Liz kept speaking and explaining, with me throwing in a couple words. We asked them what they wanted. They started throwing out things: food, shelter, money, clothes; only the basic necessities. And here I was with more than enough food, the top of the top security measures, plenty of money, and in my closet were some of the finest clothes I’d seen.
The girl who had insulted Ashton earlier spoke up. “I want to go to school and be a doctor.” There was a silence until someone shouted, “Charlotte, you know that’s a Three job. You’re a freaking Eight!”
“So what? Sevens can become nurses if they go to school, and so can I. If I’m good, I can be a doctor,” she retorted, pushing away her bangs and giving a confident grin.
The others started to catch on, calling out things they wanted to do: goals, dreams. They put their hands in the middle which I remembered vaguely doing a lot in primary school, something silly to motivate us. I thought it was sweet though and joined hands in the middle, right along with Liz.
“We’re going to make it possible,” Liz said, “promise. Do you want to meet here tomorrow again?” We agreed and I felt an urge to ask, “Do you want us to bring food from the palace?”

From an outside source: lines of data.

(* Let $\alpha\ge\tfrac12$. There is a constant $C>0$ depending only on $\alpha$ such that for every $f\in(L^\infty,\ell^1)(\mathbb{R}_+,*_\alpha)$ and every $y\in\mathbb{R}_+$, $\|\tau_yf\|_{\infty,1}\le C\,\|f\|_{\infty,1}.$
   Context: Fix $\alpha\geq\tfrac12$. The Bessel–Kingman hypergroup is $(\mathbb{R}_+,*_\alpha)$ with Haar measure $\omega_\alpha(dz)=z^{2\alpha+1}dz$ and, for $x,y>0$, $\varepsilon_x*_\alpha\varepsilon_y(f)=\int_{|x-y|}^{x+y}K_\alpha(x,y,z)f(z)z^{2\alpha+1}dz$ with $K_\alpha(x,y,z)=C_\Gamma\frac{[(z^2-(x-y)^2)((x+y)^2-z^2)]^{\alpha-1/2}}{(xyz)^{2\alpha}}$, $C_\Gamma=\frac{\Gamma(\alpha+1)}{\Gamma(1/2)\Gamma(\alpha+1/2)2^{2\alpha-1}}$; $\varepsilon_0$ is the identity. Translation: $\tau_yf(x)=\varepsilon_x*_\alpha\varepsilon_y(f)$. Let $I_n=[n-1,n)$, $\omega_n=\omega_\alpha(I_n)$, $\|f\|_{\infty,1}=\sum_{n\ge1}\omega_n\sup_{x\in I_n}|f(x)|$, and $(L^\infty,\ell^1)(\mathbb{R}_+,*_\alpha)=\{f \text{ measurable}:\|f\|_{\infty,1}<\infty\}$. *)

From Stdlib Require Import Reals Lra Arith Factorial ClassicalEpsilon.
Open Scope R_scope.

(* supremum / infimum of a set of reals (0 by default if it does not exist) *)
Definition Rsup (E : R -> Prop) : R :=
  match excluded_middle_informative (exists l, is_lub E l) with
  | left H => proj1_sig (constructive_indefinite_description _ H)
  | right _ => 0
  end.
Definition Rinf (E : R -> Prop) : R := - Rsup (fun v => E (- v)).

(* real powers b^e for b >= 0 (with 0^e = 0 for e <> 0, 0^0 = 1) *)
Definition rpow (b e : R) : R :=
  if Rlt_dec 0 b then Rpower b e
  else if Req_EM_T e 0 then 1 else 0.

Definition cover_len (T : R -> Prop) (L : R) : Prop :=
  exists a b : nat -> R,
    (forall k, a k <= b k) /\
    (forall x, T x -> exists k, a k < x < b k) /\
    infinite_sum (fun k => b k - a k) L.

Definition outer (T : R -> Prop) : R := Rinf (cover_len T).

(* Caratheodory measurability (only test sets of finite outer measure matter) *)
Definition Lmeas (A : R -> Prop) : Prop :=
  forall T L, cover_len T L ->
    outer (fun x => T x /\ A x) + outer (fun x => T x /\ ~ A x) <= L.

Definition meas_fun_Rplus (f : R -> R) : Prop :=
  forall a, Lmeas (fun x => 0 <= x /\ a < f x).

Definition meas_partition (c d : R) (k : nat) (E : nat -> R -> Prop) : Prop :=
  (forall i, (i <= k)%nat -> Lmeas (E i)) /\
  (forall i x, (i <= k)%nat -> E i x -> c <= x <= d) /\
  (forall x, c <= x <= d -> exists i, (i <= k)%nat /\ E i x) /\
  (forall i j x, (i <= k)%nat -> (j <= k)%nat -> E i x -> E j x -> i = j).

(* Lebesgue integral over [c,d] of a bounded measurable g
   (= supremum of the lower Lebesgue sums) *)
Definition Lint (g : R -> R) (c d : R) : R :=
  Rsup (fun s => exists k E, meas_partition c d k E /\
          s = sum_f_R0 (fun i => Rinf (fun v => exists x, E i x /\ v = g x)
                                   * outer (E i)) k).

Fixpoint poch (s : R) (n : nat) : R :=
  match n with O => s | S m => poch s m * (s + INR (S m)) end.
Definition Gamma (s : R) : R :=
  epsilon (inhabits 0)
    (fun l => Un_cv (fun n => INR (fact n) * rpow (INR n) s / poch s n) l).

Definition CGamma (a : R) : R :=
  Gamma (a + 1) / (Gamma (1/2) * Gamma (a + 1/2) * rpow 2 (2 * a - 1)).

Definition Kern (a x y z : R) : R :=
  CGamma a * rpow ((z ^ 2 - (x - y) ^ 2) * ((x + y) ^ 2 - z ^ 2)) (a - 1/2)
    / rpow (x * y * z) (2 * a).

(* tau_y f (x) = (eps_x * eps_y)(f), eps_0 being the identity *)
Definition tau (a y : R) (f : R -> R) (x : R) : R :=
  if Req_EM_T y 0 then f x
  else if Req_EM_T x 0 then f y
  else Lint (fun z => Kern a x y z * f z * rpow z (2 * a + 1)) (Rabs (x - y)) (x + y).

(* omega_a(I_{n+1}) = omega_a([n, n+1)) = int_n^{n+1} z^{2a+1} dz *)
Definition omega (a : R) (n : nat) : R :=
  (rpow (INR n + 1) (2 * a + 2) - rpow (INR n) (2 * a + 2)) / (2 * a + 2).

(* ||f||_{infty,1} = N (finite): s n = sup_{x in [n,n+1)} |f x| exists for all n,
   and sum_n omega(I_{n+1}) s n = N *)
Definition is_norm (a : R) (f : R -> R) (N : R) : Prop :=
  exists s : nat -> R,
    (forall n, is_lub (fun v => exists x, INR n <= x < INR n + 1 /\ v = Rabs (f x)) (s n)) /\
    infinite_sum (fun n => omega a n * s n) N.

There was a silence but I could see the eagerness in their eyes. Charlotte said, “If that’s no problem.”
“No one will bat an eye,” I promised and smiled. After all, I would be sneaking down to the kitchens later, and I would be hoarding as much food as I could for the sweet kids who needed it.
The next few days were quite productive. Liz, in all her splendor and talent, convinced some teachers to teach the children for a couple extra hours for free. We brought baskets of food to them daily (exclude the bran muffins, I decided not to put them through the misery of trying bran muffins). The teachers offered to let them use the school as a shelter and I proposed that we could bring them blankets.

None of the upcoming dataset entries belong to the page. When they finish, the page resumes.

(* Every transitive relation r on 'I_n is the reachability relation of a
   canonical graph: one cycle through each strongly connected class in
   increasing index order, plus edges between the least elements of the
   classes along the covering pairs of the order r induces on the classes.
   A charging argument shows that every graph whose reachability relation is
   r has at least as many edges, and the canonical graph is first-order
   definable from r, hence computable in polynomial time.
   If F is an (s, d)-TC spanner of G and E0 is the canonical graph of G, then
   F minus E0 is an (s, d)-shortcut of E0; the shortcut algorithm then yields
   an (aS s, aD d)-shortcut H of E0, and E0 together with H is a TC spanner of
   G with at most s + aS s edges and diameter at most aD d. *)

Lemma connect_sub_trans (T : finType) (e r : rel T) : transitive r -> subrel e r ->
  forall x y, connect e x y -> (x == y) || r x y.
Proof.
move=> r_tr e_r x y /connectP[p]; elim: p x => [|z p IH] x /=.
  by move=> _ ->; rewrite eqxx.
case/andP=> exz pz yE; have rxz := e_r _ _ exz.
by case/orP: (IH z pz yE) => [/eqP <- | rzy]; rewrite ?rxz ?(r_tr _ _ _ rxz rzy) orbT.
Qed.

I was quite surprised that I didn’t worry about the other Selected as much. I was mainly focused on working with Liz and helping the children that I didn’t think worrying about something as trivial as how the other girls were doing was that important anymore. Maybe there was something more to the Selection than pretty dresses after all.
Liz and I shared a smile and I couldn’t help but think that maybe, just maybe, the role of future Queen, whoever that would be, wasn’t such a bad thing after all.